== Segment start ==

Lemma PS_coef_S_of_derive a b n : PS_derive a n = PS_derive b n -> a (S n) = b (S n).
Proof.
  unfold PS_derive. intros H.
  apply Rmult_eq_reg_l with (INR (S n)); [exact H | apply not_0_INR; lia].
Qed.

Definition exp_coef (n : nat) : R := / INR (fact n).
Definition expN_coef (n : nat) : R := (-1) ^ n / INR (fact n).
Definition expNm1_coef (n : nat) : R := match n with O => 0 | S _ => expN_coef n end.

Lemma INR_fact_S n : INR (fact (S n)) = INR (S n) * INR (fact n).
Proof. rewrite fact_simpl, mult_INR. reflexivity. Qed.

Lemma PS_derive_exp_coef n : PS_derive exp_coef n = exp_coef n.
Proof.
  unfold PS_derive, exp_coef. rewrite INR_fact_S.
  field. split; [apply INR_fact_neq_0 | apply not_0_INR; lia].
Qed.

Lemma PS_derive_expN_coef n : PS_derive expN_coef n = - expN_coef n.
Proof.
  unfold PS_derive, expN_coef. rewrite INR_fact_S. simpl pow.
  field. split; [apply INR_fact_neq_0 | apply not_0_INR; lia].
Qed.

Lemma PS_derive_expNm1_coef n : PS_derive expNm1_coef n = - expN_coef n.
Proof. apply PS_derive_expN_coef. Qed.

Lemma PS_mult_expN_coef a n : PS_mult expN_coef a n = a n + PS_mult expNm1_coef a n.
Proof.
  rewrite <- (PS_mult_one_l a n). unfold PS_mult.
  rewrite <- plus_sum. apply sum_eq. intros [|i] _; unfold PS_one, expNm1_coef, expN_coef.
  - simpl. field.
  - ring.
Qed.

Lemma PS_mult_exp_expN_coef n : forall a,
  PS_mult exp_coef (PS_mult expN_coef a) n = a n.
Proof.
  induction n as [|n IH]; intros a.
  - unfold PS_mult, exp_coef, expN_coef. simpl. field.
  - apply PS_coef_S_of_derive.
    rewrite PS_derive_mult, (PS_mult_ext_l _ exp_coef) by (intros; apply PS_derive_exp_coef).
    rewrite (PS_mult_ext_r _ (PS_derive (PS_mult expN_coef a))
               (fun m => -1 * PS_mult expN_coef a m + PS_mult expN_coef (PS_derive a) m)).
    2: { intros m _. rewrite PS_derive_mult, (PS_mult_ext_l _ (fun k => -1 * expN_coef k))
           by (intros; rewrite PS_derive_expN_coef; ring).
         rewrite PS_mult_scal_l. reflexivity. }
    rewrite PS_mult_plus_r, PS_mult_scal_r, !IH. ring.
Qed.

(* The coefficients of (e^{-x} - 1)^k / k!, by the generating function of S(n,k). *)
Definition stirling_coef (k n : nat) : R := (-1) ^ n * INR (stirling2 n k) / INR (fact n).

Definition stirling_coef_pred (k : nat) : nat -> R :=
  match k with O => fun _ => 0 | S j => stirling_coef j end.

Lemma stirling2_gt n : forall k, (n < k)%nat -> stirling2 n k = 0%nat.
Proof.
  induction n as [|n IH]; intros [|k] Hk; try lia; [reflexivity |].
  simpl. rewrite !IH by lia. lia.
Qed.

Lemma stirling_coef_gt k n : (n < k)%nat -> stirling_coef k n = 0.
Proof. intros H. unfold stirling_coef. rewrite stirling2_gt by exact H. simpl. lra. Qed.

Lemma stirling_coef_0 n : stirling_coef 0 n = PS_one n.
Proof.
  unfold stirling_coef. destruct n; simpl stirling2; simpl PS_one.
  - simpl. field.
  - simpl INR. lra.
Qed.

Lemma PS_derive_stirling_coef k n :
  PS_derive (stirling_coef k) n = - (stirling_coef_pred k n + INR k * stirling_coef k n).
Proof.
  unfold PS_derive, stirling_coef_pred, stirling_coef. rewrite INR_fact_S.
  assert (INR (fact n) <> 0) by apply INR_fact_neq_0.
  assert (INR (S n) <> 0) by (apply not_0_INR; lia).
  destruct k as [|k].
  - simpl stirling2. simpl INR. field. tauto.
  - change (stirling2 (S n) (S k)) with (S k * stirling2 n (S k) + stirling2 n k)%nat.
    rewrite plus_INR, mult_INR. simpl pow. field. tauto.
Qed.

Lemma PS_mult_expNm1_stirling_coef n : forall k,
  PS_mult expNm1_coef (stirling_coef k) n = INR (S k) * stirling_coef (S k) n.
Proof.
  induction n as [|n IH]; intros k.
  - rewrite (stirling_coef_gt (S k) 0) by lia. unfold PS_mult, expNm1_coef. simpl. ring.
  - assert (Hpred : PS_mult expNm1_coef (stirling_coef_pred k) n = INR k * stirling_coef k n).
    { destruct k as [|k]; simpl stirling_coef_pred.
      + rewrite PS_mult_zero_r. simpl. ring.
      + apply IH. }
    apply (PS_coef_S_of_derive _ (fun m => INR (S k) * stirling_coef (S k) m)).
    transitivity (INR (S k) * PS_derive (stirling_coef (S k)) n); [| unfold PS_derive; ring].
    rewrite PS_derive_mult, (PS_mult_ext_l _ (fun m => -1 * expN_coef m))
      by (intros; rewrite PS_derive_expNm1_coef; ring).
    rewrite (PS_mult_ext_r _ (PS_derive (stirling_coef k))
               (fun m => -1 * stirling_coef_pred k m + (- INR k) * stirling_coef k m))
      by (intros; rewrite PS_derive_stirling_coef; ring).
    rewrite PS_mult_scal_l, PS_mult_expN_coef, PS_mult_plus_r, !PS_mult_scal_r, Hpred, IH.
    rewrite PS_derive_stirling_coef. simpl stirling_coef_pred. rewrite S_INR. ring.
Qed.

Lemma PS_mult_expNm1_stirling_coef_pred k n :
  PS_mult expNm1_coef (stirling_coef_pred k) n = INR k * stirling_coef k n.
Proof.
  destruct k as [|k]; simpl stirling_coef_pred.
  - rewrite PS_mult_zero_r. simpl. ring.
  - apply PS_mult_expNm1_stirling_coef.
Qed.

Definition ode_op (g : nat -> R) (n : nat) : R :=
  2 * PS_mult expN_coef (PS_derive g) n - PS_derive g n - PS_mult expN_coef g n.

Lemma ode_op_ext g h n :
  (forall m, (m <= S n)%nat -> g m = h m) -> ode_op g n = ode_op h n.
Proof.
  intros Hgh. unfold ode_op.
  rewrite (PS_mult_ext_r _ (PS_derive g) (PS_derive h))
    by (intros m Hm; unfold PS_derive; rewrite Hgh by lia; reflexivity).
  rewrite (PS_mult_ext_r _ g h) by (intros m Hm; apply Hgh; lia).
  unfold PS_derive. rewrite Hgh by lia. reflexivity.
Qed.

Lemma ode_op_plus g h n : ode_op (fun m => g m + h m) n = ode_op g n + ode_op h n.
Proof.
  unfold ode_op.
  rewrite (PS_mult_ext_r _ (PS_derive _) (fun m => PS_derive g m + PS_derive h m))
    by (intros; unfold PS_derive; ring).
  rewrite !PS_mult_plus_r. unfold PS_derive. ring.
Qed.

Lemma ode_op_scal c g n : ode_op (fun m => c * g m) n = c * ode_op g n.
Proof.
  unfold ode_op.
  rewrite (PS_mult_ext_r _ (PS_derive _) (fun m => c * PS_derive g m))
    by (intros; unfold PS_derive; ring).
  rewrite !PS_mult_scal_r. unfold PS_derive. ring.
Qed.

Lemma ode_op_stirling_coef k n :
  ode_op (stirling_coef k) n = - stirling_coef_pred k n - (3 * INR k + 1) * stirling_coef k n
                               - (INR k + 1) * (2 * INR k + 1) * stirling_coef (S k) n.
Proof.
  unfold ode_op. rewrite !PS_mult_expN_coef.
  rewrite (PS_mult_ext_r _ (PS_derive (stirling_coef k))
             (fun m => -1 * stirling_coef_pred k m + (- INR k) * stirling_coef k m))
    by (intros; rewrite PS_derive_stirling_coef; ring).
  rewrite PS_mult_plus_r, !PS_mult_scal_r, PS_mult_expNm1_stirling_coef_pred,
    PS_mult_expNm1_stirling_coef, PS_derive_stirling_coef, S_INR.
  ring.
Qed.

Definition stirling_sum (alpha : nat -> R) (M n : nat) : R :=
  sum_f_R0 (fun k => alpha k * stirling_coef k n) M.

Definition stirling_transform (alpha : nat -> R) (n : nat) : R := stirling_sum alpha n n.

Lemma stirling_sum_stable alpha M n :
  (n <= M)%nat -> stirling_sum alpha M n = stirling_transform alpha n.
Proof.
  induction M as [|M IH]; intros Hn.
  - replace n with 0%nat by lia. reflexivity.
  - destruct (Nat.eq_dec n (S M)) as [-> | Hne]; [reflexivity |].
    unfold stirling_sum in *. rewrite tech5, IH by lia.
    rewrite stirling_coef_gt by lia. ring.
Qed.

Lemma ode_op_stirling_sum alpha M n :
  ode_op (stirling_sum alpha M) n
  = sum_f_R0 (fun k => alpha k * ode_op (stirling_coef k) n) M.
Proof.
  induction M as [|M IH]; simpl sum_f_R0.
  - apply ode_op_scal.
  - rewrite <- IH, <- ode_op_scal. apply ode_op_plus.
Qed.

Section StirlingTransformOde.

Variables (alpha : nat -> R) (kappa : R).
Hypothesis alpha_rec : forall k,
  alpha (S k) + (2 * INR k + 1) * alpha k = - kappa * (-1) ^ k * INR (fact k).

Lemma alpha_rec2 j :
  alpha (S (S j)) + (3 * INR (S j) + 1) * alpha (S j)
  + INR (S j) * (2 * INR j + 1) * alpha j = 0.
Proof.
  pose proof (alpha_rec (S j)) as H1. pose proof (alpha_rec j) as H2.
  rewrite INR_fact_S in H1. simpl pow in H1. rewrite S_INR in *.
  replace (alpha (S (S j))) with (- kappa * (-1 * (-1) ^ j) * ((INR j + 1) * INR (fact j))
            - (2 * (INR j + 1) + 1) * alpha (S j)) by lra.
  replace (alpha (S j)) with (- kappa * (-1) ^ j * INR (fact j) - (2 * INR j + 1) * alpha j)
    by lra.
  ring.
Qed.

Lemma ode_op_stirling_sum_telescope M n :
  sum_f_R0 (fun k => alpha k * ode_op (stirling_coef k) n) M - kappa * stirling_coef 0 n
  = alpha (S M) * stirling_coef M n
    - alpha M * (INR M + 1) * (2 * INR M + 1) * stirling_coef (S M) n.
Proof.
  induction M as [|M IH]; simpl sum_f_R0; rewrite ode_op_stirling_coef.
  - pose proof (alpha_rec 0) as H0. simpl in H0 |- *.
    replace (alpha 1%nat) with (- kappa - alpha 0%nat) by lra. ring.
  - simpl stirling_coef_pred.
    replace (alpha (S (S M))) with (- (3 * INR (S M) + 1) * alpha (S M)
                                    - INR (S M) * (2 * INR M + 1) * alpha M)
      by (pose proof (alpha_rec2 M); lra).
    rewrite S_INR in *. lra.
Qed.

Lemma ode_op_stirling_transform n :
  ode_op (stirling_transform alpha) n = kappa * PS_one n.
Proof.
  rewrite (ode_op_ext _ (stirling_sum alpha (S n)))
    by (intros; symmetry; apply stirling_sum_stable; lia).
  pose proof (ode_op_stirling_sum_telescope (S n) n) as H.
  rewrite stirling_coef_0, (stirling_coef_gt (S n) n), (stirling_coef_gt (S (S n)) n) in H
    by lia.
  rewrite ode_op_stirling_sum. lra.
Qed.

(* [ode_op F = kappa] multiplied by e^x. *)
Lemma stirling_transform_ode n :
  2 * PS_derive (stirling_transform alpha) n
  - PS_mult exp_coef (PS_derive (stirling_transform alpha)) n
  = stirling_transform alpha n + kappa * exp_coef n.
Proof.
  pose proof (PS_mult_exp_expN_coef n (fun m => 2 * PS_derive (stirling_transform alpha) m
                                               + -1 * stirling_transform alpha m)) as H.
  rewrite (PS_mult_ext_r _ _ (fun m => PS_derive (stirling_transform alpha) m
                                       + kappa * PS_one m)) in H.
  2: { intros m _. rewrite PS_mult_plus_r, !PS_mult_scal_r.
       pose proof (ode_op_stirling_transform m) as HE. unfold ode_op in HE. lra. }
  rewrite PS_mult_plus_r, PS_mult_scal_r, PS_mult_one_r in H. lra.
Qed.

End StirlingTransformOde.

Lemma exp_coef_pos n : 0 < exp_coef n.
Proof. apply Rinv_0_lt_compat, lt_0_INR, lt_O_fact. Qed.

Lemma exp_coef_le_1 n : exp_coef n <= 1.
Proof.
  unfold exp_coef. rewrite <- Rinv_1. apply Rinv_le_contravar; [lra |].
  apply (le_INR 1), lt_O_fact.
Qed.

Lemma sum_exp_coef_le_exp r n : 0 <= r -> sum_f_R0 (fun i => exp_coef i * r ^ i) n <= exp r.
Proof.
  intros Hr. unfold exp. destruct (exist_exp r) as [l Hl]. simpl.
  apply (growing_ineq (fun n => sum_f_R0 (fun i => exp_coef i * r ^ i) n)); [| exact Hl].
  intros m. rewrite tech5.
  pose proof (Rmult_le_pos _ _ (Rlt_le _ _ (exp_coef_pos (S m))) (pow_le r (S m) Hr)). lra.
Qed.

Lemma sum_exp_coef_S_le r n :
  0 <= r -> sum_f_R0 (fun i => exp_coef (S i) * r ^ S i) n <= exp r - 1.
Proof.
  intros Hr. pose proof (sum_exp_coef_le_exp r (S n) Hr) as H.
  rewrite sum_f_R0_S_l in H.
  replace (exp_coef 0 * r ^ 0) with 1 in H by (unfold exp_coef; simpl; field). lra.
Qed.

Lemma sum_f_R0_term_le (f : nat -> R) m N :
  (forall i, 0 <= f i) -> (m <= N)%nat -> f m <= sum_f_R0 f N.
Proof.
  intros Hf Hm. induction N as [|N IH].
  - replace m with 0%nat by lia. simpl. lra.
  - rewrite tech5. destruct (Nat.eq_dec m (S N)) as [-> | Hne].
    + pose proof (cond_pos_sum f N Hf). lra.
    + pose proof (Hf (S N)). specialize (IH ltac:(lia)). lra.
Qed.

== Segment end ==

> Task brief
Once you reach the line with "Definition expN_coef (n" in the data above, copy it and every line after it exactly, up to and including the line with "rewrite PS_mult_scal_l. reflexivity.".

> Exercise answer
Definition expN_coef (n : nat) : R := (-1) ^ n / INR (fact n).
Definition expNm1_coef (n : nat) : R := match n with O => 0 | S _ => expN_coef n end.

Lemma INR_fact_S n : INR (fact (S n)) = INR (S n) * INR (fact n).
Proof. rewrite fact_simpl, mult_INR. reflexivity. Qed.

Lemma PS_derive_exp_coef n : PS_derive exp_coef n = exp_coef n.
Proof.
  unfold PS_derive, exp_coef. rewrite INR_fact_S.
  field. split; [apply INR_fact_neq_0 | apply not_0_INR; lia].
Qed.

Lemma PS_derive_expN_coef n : PS_derive expN_coef n = - expN_coef n.
Proof.
  unfold PS_derive, expN_coef. rewrite INR_fact_S. simpl pow.
  field. split; [apply INR_fact_neq_0 | apply not_0_INR; lia].
Qed.

Lemma PS_derive_expNm1_coef n : PS_derive expNm1_coef n = - expN_coef n.
Proof. apply PS_derive_expN_coef. Qed.

Lemma PS_mult_expN_coef a n : PS_mult expN_coef a n = a n + PS_mult expNm1_coef a n.
Proof.
  rewrite <- (PS_mult_one_l a n). unfold PS_mult.
  rewrite <- plus_sum. apply sum_eq. intros [|i] _; unfold PS_one, expNm1_coef, expN_coef.
  - simpl. field.
  - ring.
Qed.

Lemma PS_mult_exp_expN_coef n : forall a,
  PS_mult exp_coef (PS_mult expN_coef a) n = a n.
Proof.
  induction n as [|n IH]; intros a.
  - unfold PS_mult, exp_coef, expN_coef. simpl. field.
  - apply PS_coef_S_of_derive.
    rewrite PS_derive_mult, (PS_mult_ext_l _ exp_coef) by (intros; apply PS_derive_exp_coef).
    rewrite (PS_mult_ext_r _ (PS_derive (PS_mult expN_coef a))
               (fun m => -1 * PS_mult expN_coef a m + PS_mult expN_coef (PS_derive a) m)).
    2: { intros m _. rewrite PS_derive_mult, (PS_mult_ext_l _ (fun k => -1 * expN_coef k))
           by (intros; rewrite PS_derive_expN_coef; ring).
         rewrite PS_mult_scal_l. reflexivity. }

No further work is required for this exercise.